Смутное Время (Smutnoye Vremia, Russian for "Time of Troubles") is a standalone album by vocalist Valery Kipelov and guitarist Sergey Mavrin, both formerly of Aria (Kipelov was still a member of Aria when it was released). Alik Granovsky, former Aria bassist, was a guest musician on "SV", but composed no songs for it.
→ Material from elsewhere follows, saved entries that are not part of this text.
Lemma card_dangling_through w : (#|[set S | dangling g E S & w \in S]| <= g)%N.
Proof.
set F := [set S | _ & _].
have [->|[S1 S1F]] := set_0Vmem F; first by rewrite cards0.
have dS1 : dangling g E S1 by move: S1F; rewrite inE => /andP [].
have overlap S T : S \in F -> T \in F -> S != T ->
    (boundary_edge w S).1 \in T /\ (boundary_edge w S).2 \in T.
  rewrite !inE => /andP [dS wS] /andP [dT wT] ST.
  exact: dangling_overlap_boundary dS dT ST wS wT.
have outside S : S \in F -> (boundary_edge w S).2 \notin S.
  by rewrite inE => /andP [dS _]; case: (dangling_boundary_edge w dS).
pose f S := if S == S1 then (boundary_edge w S1).1 else (boundary_edge w S).2.
have f_inj : {in F &, injective f}.
  move=> S T SF TF; apply: contra_eq => ST; rewrite /f.
  case: (eqVneq S S1) => [eS|nS]; case: (eqVneq T S1) => [eT|nT].
  - by rewrite eS eT eqxx in ST.
  - rewrite eS in ST SF.
    by apply: (contraTneq _ (overlap _ _ SF TF ST).1) => ->; apply: outside.
  - rewrite eT eq_sym in ST TF; rewrite eq_sym.
    by apply: (contraTneq _ (overlap _ _ TF SF ST).1) => ->; apply: outside.
  - by apply: (contraTneq _ (overlap _ _ SF TF ST).2) => ->; apply: outside.
rewrite -(card_in_imset f_inj) -(dangling_card dS1); apply: subset_leq_card.
apply/subsetP => _ /imsetP [S SF ->]; rewrite /f; case: eqVneq => [_|nS].
  by case: (dangling_boundary_edge w dS1).
by case: (overlap _ _ SF S1F nS).
Qed.

Lemma num_dangling_le : (0 < g)%N -> (num_dangling g E <= N)%N.
Proof.
move=> g_gt0; rewrite -(leq_pmul2r g_gt0) -[X in (_ <= X * _)%N]card_ord.
rewrite -!sum_nat_const.
have -> : (\sum_(S in [set S | dangling g E S]) g = \sum_(S in [set S | dangling g E S]) #|S|)%N.
  by apply: eq_bigr => S; rewrite inE => /dangling_card.
rewrite (eq_bigr (fun S => \sum_(w : 'I_N) (w \in S : nat))%N); last first.
  by move=> S _; rewrite -sum1_card big_mkcond.
rewrite exchange_big; apply: leq_sum => w _; apply: leq_trans (card_dangling_through w).
rewrite -sum1_card big_mkcond [X in (_ <= X)%N]big_mkcond; apply: leq_sum => S _.
by rewrite !inE; case: (dangling _ _ _); case: (w \in S).
Qed.
End Dangling.

(** * Independence of the edges *)

Local Open Scope ring_scope.

Section GraphProb.
Variables (R : comPzRingType) (N : nat) (p : 'I_N -> 'I_N -> R).

Lemma prod_natr_bool (I : finType) (P : pred I) (c : pred I) :
  \prod_(i | P i) (c i)%:R = [forall (i | P i), c i]%:R :> R.
Proof.
case: (boolP [forall (i | P i), c i]) => [/forall_inP c_all | /forall_inPn [i Pi ci]].
  by rewrite big1 // => i /c_all ->.
by rewrite (bigD1 i) //= (negbTE ci) mul0r.
Qed.

(* Fixing the edges inside [F] to be exactly [A] leaves the other factors of
   the product free, and each of them sums to [1]. *)
Lemma graph_prob_marginal (F A : {set 'I_N * 'I_N}) : A \subset F :&: upper_pairs N ->
  \sum_(E | is_graph E && (E :&: F == A)) graph_prob p E =
  \prod_(u in upper_pairs N)
     (if u \in F then (if u \in A then p u.1 u.2 else 1 - p u.1 u.2) else 1).
Proof.
move=> sAFU; set U := upper_pairs N.
pose w u (b : bool) := if b then p u.1 u.2 else 1 - p u.1 u.2.
pose h u b := (if u \in U then w u b else (~~ b)%:R) * ((u \in F) ==> (b == (u \in A)))%:R.
have graphE E : is_graph E = [forall (u | u \notin U), u \notin E].
  apply/subsetP/forall_inP => [sEU u | notE u uE]; first by apply: contra => /sEU.
  by apply: contraT => /notE; rewrite uE.
have traceE E : (E :&: F == A) = [forall (u | u \in F), (u \in E) == (u \in A)].
  apply/eqP/forall_inP => [<- u uF | EA]; first by rewrite inE uF andbT.
  apply/setP => u; rewrite inE; case: (boolP (u \in F)) => uF.
    by rewrite andbT (eqP (EA u uF)).
  by rewrite andbF; apply/esym/negbTE; apply: contra uF => /(subsetP sAFU); rewrite inE => /andP [].
transitivity (\sum_(E : {set 'I_N * 'I_N}) \prod_u h u (u \in E)).
  rewrite big_mkcond /=; apply: eq_bigr => E _.
  rewrite big_split /= (bigID (mem U)) /= prod_natr_bool -traceE.
  have -> : \prod_(u in U) (if u \in U then w u (u \in E) else (u \notin E)%:R) = graph_prob p E.
    by apply: eq_bigr => u ->.
  have -> : \prod_(u | u \notin U) (if u \in U then w u (u \in E) else (u \notin E)%:R) =
      (is_graph E)%:R.
    by rewrite graphE -prod_natr_bool; apply: eq_bigr => u /negbTE ->.
  by case: (is_graph E); case: (E :&: F == A); rewrite ?mulr1 ?mulr0.
rewrite (eq_bigr (fun E : {set 'I_N * 'I_N} =>
  \prod_u (if u \in E then h u true else h u false))); last first.
  by move=> E _; apply: eq_bigr => u _; case: (u \in E).
rewrite -bigA_distr [RHS]big_mkcond /=; apply: eq_bigr => u _.
rewrite /h /w; case: (boolP (u \in U)) => uU /=.
  case: (boolP (u \in F)) => uF /=; last by rewrite !mulr1 addrC subrK.
  by case: (u \in A); rewrite /= ?mulr1 ?mulr0 ?addr0 ?add0r.
have -> : u \in A = false.
  by apply: contraNF uU => /(subsetP sAFU); rewrite inE => /andP [].
by rewrite mul0r add0r mul1r eqxx implybT.
Qed.
End GraphProb.

Lemma graph_prob_sum1 (R : comPzRingType) N (p : 'I_N -> 'I_N -> R) :
  \sum_(E | is_graph E) graph_prob p E = 1.
Proof.
rewrite (eq_bigl (fun E => is_graph E && (E :&: set0 == set0))); last first.
  by move=> E; rewrite setI0 eqxx andbT.
by rewrite graph_prob_marginal ?sub0set // big1 // => u _; rewrite in_set0.
Qed.

Section ProbBounds.
Variables (R : numDomainType) (N : nat) (p : 'I_N -> 'I_N -> R).
Hypothesis p_prob : forall i j, i != j -> 0 <= p i j <= 1.

Lemma graph_prob_ge0 E : 0 <= graph_prob p E.
Proof.
apply: prodr_ge0 => -[i j]; rewrite inE /= => ij.
have /andP [p0 p1] : 0 <= p i j <= 1 by apply: p_prob; rewrite neq_ltn ij.
by case: ifP; rewrite ?subr_ge0.
Qed.

Lemma expected_dangling_le g : (0 < g)%N -> expected_dangling g p <= N%:R.
Proof.
move=> g_gt0; apply: (@le_trans _ _ (\sum_(E | is_graph E) graph_prob p E * N%:R)).
  apply: ler_sum => E E_graph; apply: ler_wpM2l; first exact: graph_prob_ge0.
  by rewrite ler_nat num_dangling_le.
by rewrite -mulr_suml graph_prob_sum1 mul1r.
Qed.

End ProbBounds.

(** * Star events *)

Definition upair N (x y : 'I_N) : 'I_N * 'I_N := if (x < y)%N then (x, y) else (y, x).

Definition touching N (S : {set 'I_N}) : {set 'I_N * 'I_N} :=
  [set ij | (ij.1 \in S) || (ij.2 \in S)].

Definition star N (S : {set 'I_N}) (c v : 'I_N) : {set 'I_N * 'I_N} :=
  [set upair c y | y in (v |: S) :\ c].

Lemma upairE N (x y : 'I_N) : upair x y = (x, y) \/ upair x y = (y, x).
Proof. by rewrite /upair; case: ifP; [left | right]. Qed.

Lemma upair_inj N (c y y' : 'I_N) : y != c -> y' != c -> upair c y = upair c y' -> y = y'.
Proof.
move=> yc y'c; case: (upairE c y) => ->; case: (upairE c y') => -> [] //.
- by move=> e; rewrite e eqxx in y'c.
- by move=> e; rewrite e eqxx in yc.
Qed.

Section Star.
Variables (N : nat) (E : {set 'I_N * 'I_N}) (S : {set 'I_N}) (c v : 'I_N).
Hypotheses (cS : c \in S) (vS : v \notin S).

Lemma star_sub : star S c v \subset touching S :&: upper_pairs N.
Proof.
apply/subsetP => ij /imsetP [y]; rewrite !inE => /andP [yc _] ->.
rewrite /upair; case: ltnP => yc' /=; rewrite cS ?orbT //=.
by rewrite ltn_neqAle yc' andbT; apply: contra yc => /eqP/val_inj ->.
Qed.

Lemma upair_star_ends y : ((upair c y).1 \in S) && ((upair c y).2 \in S) = (y \in S).
Proof. by case: (upairE c y) => -> /=; rewrite cS ?andbT. Qed.

Lemma upair_star_cross y : ((upair c y).1 \in S) != ((upair c y).2 \in S) = (y \notin S).
Proof. by case: (upairE c y) => -> /=; rewrite cS //; case: (y \in S). Qed.

Hypothesis star_event : E :&: touching S = star S c v.

Lemma star_edgeE ij : ij \in touching S -> (ij \in E) = (ij \in star S c v).
Proof. by move=> ijS; rewrite -star_event inE ijS andbT. Qed.

Lemma star_adj x y : x \in S -> adj E x y -> (x == c) || (y == c).
Proof.
move=> xS xy; have [ij ijE ends] : exists2 ij, ij \in E & ij = (x, y) \/ ij = (y, x).
  by move: xy; rewrite /adj => /orP []; [exists (x, y); [|left] | exists (y, x); [|right]].
have ijS : ij \in touching S by case: ends => ->; rewrite inE xS ?orbT.
have := star_edgeE ijS; rewrite ijE => /esym/imsetP [z _ e].
have : (ij.1 == c) || (ij.2 == c) by rewrite e; case: (upairE c z) => ->; rewrite eqxx ?orbT.
by case: ends => -> //=; rewrite orbC.
Qed.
Songs from the album are still played both by Kipelov's group "Kipelov" and Mavrin's "Mavrik".

Although the major vein of the album is heavy metal, common for both artists, it also includes some slow ballads and even a "drunkard"-blues song, "Vypyem Yesho" (One More Drink).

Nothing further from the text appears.